# 1947 Foucaux motorized sidecar bicycle



## spoon55432 (Jun 21, 2022)

There is an unofficial gathering in Minneapolis, MN every fathers day on Nicollet Island that goes back to 1975. It will never die because people just keep showing up, year after year. Originally experimental and antique bicycles and motorcycles, you never know what you will see there. 

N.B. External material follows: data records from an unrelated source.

Lemma shiftz_zz (c : C) : shiftz c z = z + cstz c.
Proof. by rewrite /zz shiftz_tofrac comp_polyX rmorphD. Qed.

Lemma shiftz_div (c : C) p q : q != 0 ->
  shiftz c (tofrac p / tofrac q) =
  tofrac (p \Po ('X + c%:P)) / tofrac (q \Po ('X + c%:P)).
Proof. exact: frac_map_div (@comp_poly_XaddC_inj _ c) p q. Qed.

Lemma shiftz0 (f : F) : shiftz 0 f = f.
Proof.
by elim/frac_ind: f => p q q_neq0; rewrite shiftz_div // addr0 !comp_polyXr.
Qed.

Lemma shiftzD (c d : C) (f : F) : shiftz (c + d) f = shiftz d (shiftz c f).
Proof.
elim/frac_ind: f => p q q_neq0.
rewrite !shiftz_div ?comp_poly2_eq0 ?size_XaddC // -!comp_polyA.
by rewrite comp_polyD comp_polyX comp_polyC -addrA -polyCD (addrC d).
Qed.

Lemma nabla_invK (f : F) : nabla_inv (nabla f) = f.
Proof. by rewrite /nabla_inv /nabla -shiftzD subrr shiftz0. Qed.

Lemma nabla_cstz (c : C) : nabla (cstz c) = cstz c.
Proof. exact: shiftz_cstz. Qed.

Lemma nabla_zz : nabla z = z + 1.
Proof. by rewrite /nabla shiftz_zz rmorph1. Qed.

Lemma zz_addC_neq0 (c : C) : z + cstz c != 0.
Proof. by rewrite /zz /cstz -rmorphD tofrac_eq0 -size_poly_eq0 size_XaddC. Qed.

Definition shift_factor (al : C) (a : int) : F :=
  (z - cstz al) / (z + cstz (a%:~R - al)).

Definition shift_product (f : F) : Prop :=
  exists n (alpha : 'I_n -> C) (a : 'I_n -> int),
    f = \prod_(k < n) shift_factor (alpha k) (a k).

Lemma shift_factor0 al : shift_factor al 0 = 1.
Proof.
by rewrite /shift_factor sub0r rmorphN divff // -rmorphN zz_addC_neq0.
Qed.

Lemma shift_factorS al (n : nat) :
  shift_factor al n.+1 = shift_factor al n * shift_factor (al - n%:R) 1.
Proof.
rewrite /shift_factor.
have -> : z - cstz (al - n%:R) = z + cstz ((n%:Z)%:~R - al).
  by rewrite -pmulrn !rmorphB /=; ring.
rewrite mulrA divfK ?zz_addC_neq0 //; congr (_ / (_ + _)).
by rewrite -pmulrn mulrS; congr cstz; ring.
Qed.

Lemma shift_factor1 al :
  shift_factor al 1 = (z - cstz al) / nabla (z - cstz al).
Proof.
by rewrite /shift_factor !rmorphB /= nabla_zz nabla_cstz mulr1z rmorph1 addrA.
Qed.

Lemma shift_factorV al a :
  (shift_factor al a)^-1 = shift_factor (al - a%:~R) (- a).
Proof.
rewrite /shift_factor invf_div intrN.
by congr (_ / _); rewrite !rmorphB /= ?rmorphN /=; ring.
Qed.

Lemma shift_product1 : shift_product 1.
Proof. by exists 0%N, (fun _ => 0), (fun _ => 0); rewrite big_ord0. Qed.

Lemma shift_product_factor al a : shift_product (shift_factor al a).
Proof. by exists 1%N, (fun _ => al), (fun _ => a); rewrite big_ord1. Qed.

Lemma shift_productM f g :
  shift_product f -> shift_product g -> shift_product (f * g).
Proof.
move=> [m [alf [af ->]]] [n [alg [ag ->]]].
exists (m + n)%N.
exists (fun k => match split k with inl i => alf i | inr j => alg j end).
exists (fun k => match split k with inl i => af i | inr j => ag j end).
rewrite big_split_ord; congr (_ * _); apply: eq_bigr => i _.
  by rewrite -/(unsplit (inl i)) unsplitK.
by rewrite -/(unsplit (inr i)) unsplitK.
Qed.

Lemma shift_productV f : shift_product f -> shift_product f^-1.
Proof.
move=> [n [al [a ->]]]; exists n, (fun k => al k - (a k)%:~R), (fun k => - a k).
by rewrite -prodfV; apply: eq_bigr => k _; rewrite shift_factorV.
Qed.

Lemma shift_product_poly_ratio p :
  p != 0 -> shift_product (tofrac p / nabla (tofrac p)).
Proof.
move=> p_neq0; have [rs ->] := closed_field_poly_normal p.
have lc_neq0 : cstz (lead_coef p) != 0 by rewrite fmorph_eq0 lead_coef_eq0.
rewrite -mul_polyC !rmorphM /= -/(cstz _) nabla_cstz -mulf_div divff // mul1r.
rewrite !rmorph_prod -prodf_div; apply: big_ind => //=.
- exact: shift_product1.
- exact: shift_productM.
move=> b _; rewrite rmorphB /= -/z -/(cstz b) -shift_factor1.
exact: shift_product_factor.
Qed.

Lemma shift_product_mul_coboundary f :
  mul_coboundary nabla f -> shift_product f.
Proof.
case=> h + ->; elim/frac_ind: h => p q q_neq0.
rewrite mulf_eq0 invr_eq0 tofrac_eq0 negb_or => /andP[p_neq0 _].
have div_div (a b c d : F) : a / b / (c / d) = a / c * (b / d)^-1.
  by rewrite !invf_div !mulf_div [b * c]mulrC.
rewrite fmorph_div div_div.
by apply/shift_productM/shift_productV; apply: shift_product_poly_ratio.
Qed.

Lemma mul_coboundary_shift_factor al a :
  mul_coboundary nabla (shift_factor al a).
Proof.
have coboundary_nat n be : mul_coboundary nabla (shift_factor be n%:Z).
  elim: n be => [|n IHn] be.
    by rewrite shift_factor0; exact: mul_coboundary1.
  rewrite shift_factorS shift_factor1; apply: mul_coboundaryM => //.
  by exists (z - cstz (be - n%:R)); rewrite // -rmorphN zz_addC_neq0.
case: a => n; first exact: coboundary_nat.
rewrite NegzE -[al](addrK ((n.+1%:Z)%:~R)) -shift_factorV.
exact/mul_coboundaryV/coboundary_nat.
Qed.

Lemma shift_productP f : shift_product f <-> mul_coboundary nabla f.
Proof.
split=> [[n [al [a ->]]]|]; last exact: shift_product_mul_coboundary.
apply: big_ind => [||k _]; [exact: mul_coboundary1 | exact: mul_coboundaryM |].
exact: mul_coboundary_shift_factor.
Qed.

Lemma sl2_iso_shift_relation mu r1 r2 phi : sl2_iso mu r1 r2 phi ->
  exists2 g, g != 0 & r2 * nabla g = g * r1.
Proof.
move=> [[phiD phiC [psi phiK _]] [_ phiL0 phiL1]].
have phiE := frac_poly_linearE phiD phiC phiL0.
exists (phi 1).
  apply: contra_neq (oner_neq0 F) => phi1_eq0; apply: (can_inj phiK).
  by rewrite phi1_eq0 phiE mul0r.
by have := phiL1 1; rewrite /rho_L1 rmorph1 mulr1 phiE mulrC => <-.
Qed.

Lemma sl2_iso_mulr mu r1 r2 h : r1 != 0 -> r2 != 0 -> h != 0 ->
  r2 * nabla h = h * r1 -> sl2_iso mu r1 r2 ( *%R^~ h).
Proof.
move=> r1_neq0 r2_neq0 h_neq0 r1_r2; split; split.
- by move=> f g; rewrite mulrDl.
- by move=> c f; rewrite mulrA.
- by exists ( *%R^~ h^-1); [exact: mulfK h_neq0 | exact: divfK h_neq0].
- move=> f; rewrite /rho_Lm1 /= rmorphM /=.
  have shifted_r1_r2 : nabla_inv r2 * h = nabla_inv h * nabla_inv r1.
    by rewrite -[h in LHS]nabla_invK -rmorphM r1_r2 rmorphM.
  have h_ratio : h / nabla_inv r1 = nabla_inv h / nabla_inv r2.
    apply/eqP; rewrite eqr_div ?fmorph_eq0; [|exact: r1_neq0|exact: r2_neq0].
    by rewrite mulrC shifted_r1_r2.
  transitivity (pi_mu mu * nabla_inv f * (h / nabla_inv r1)); first by ring.
  by rewrite h_ratio; ring.
- by move=> f; rewrite /rho_L0 mulrA.
- by move=> f; rewrite /rho_L1 /= rmorphM /= [RHS]mulrCA r1_r2; ring.
Qed.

This year we had a really special bicycle, one of the most interesting bikes I've ever seen, original and in running shape. A 1947 Foucaux. This motorized bicycle has a sidecar attached on its right side with a complex mount that makes the sidecar lean at the same angle as the bike around curves, and a small engine mounted on the rear wheel. It's a time machine. Check out the pics.


----------



## Freqman1 (Jun 21, 2022)

I'm digg'n the fish tail muffler!


----------



## Gimletbikes (Jun 21, 2022)

That thing is intense! I like that the sidecar stays level while the bicycle is cornering. Seems good for a dog buddy


----------



## New Mexico Brant (Jun 21, 2022)

Amazing machine!  Thank you for sharing.  So great to see it being ridden and not restored all shiny in a jenky sort of way.


----------



## geosbike (Jun 21, 2022)

thats very kool


----------



## Fastfreddy (Aug 28, 2022)

Do you still have the Foucaux? Might you be interested in selling it


----------



## CURTIS L LINDGREN (Aug 28, 2022)

That is one cool bike !   Thanks for sharing .  I think I have the perfect mascot for this bike ( See Pictures )  Mickey  was made in France in the mid 1930's


----------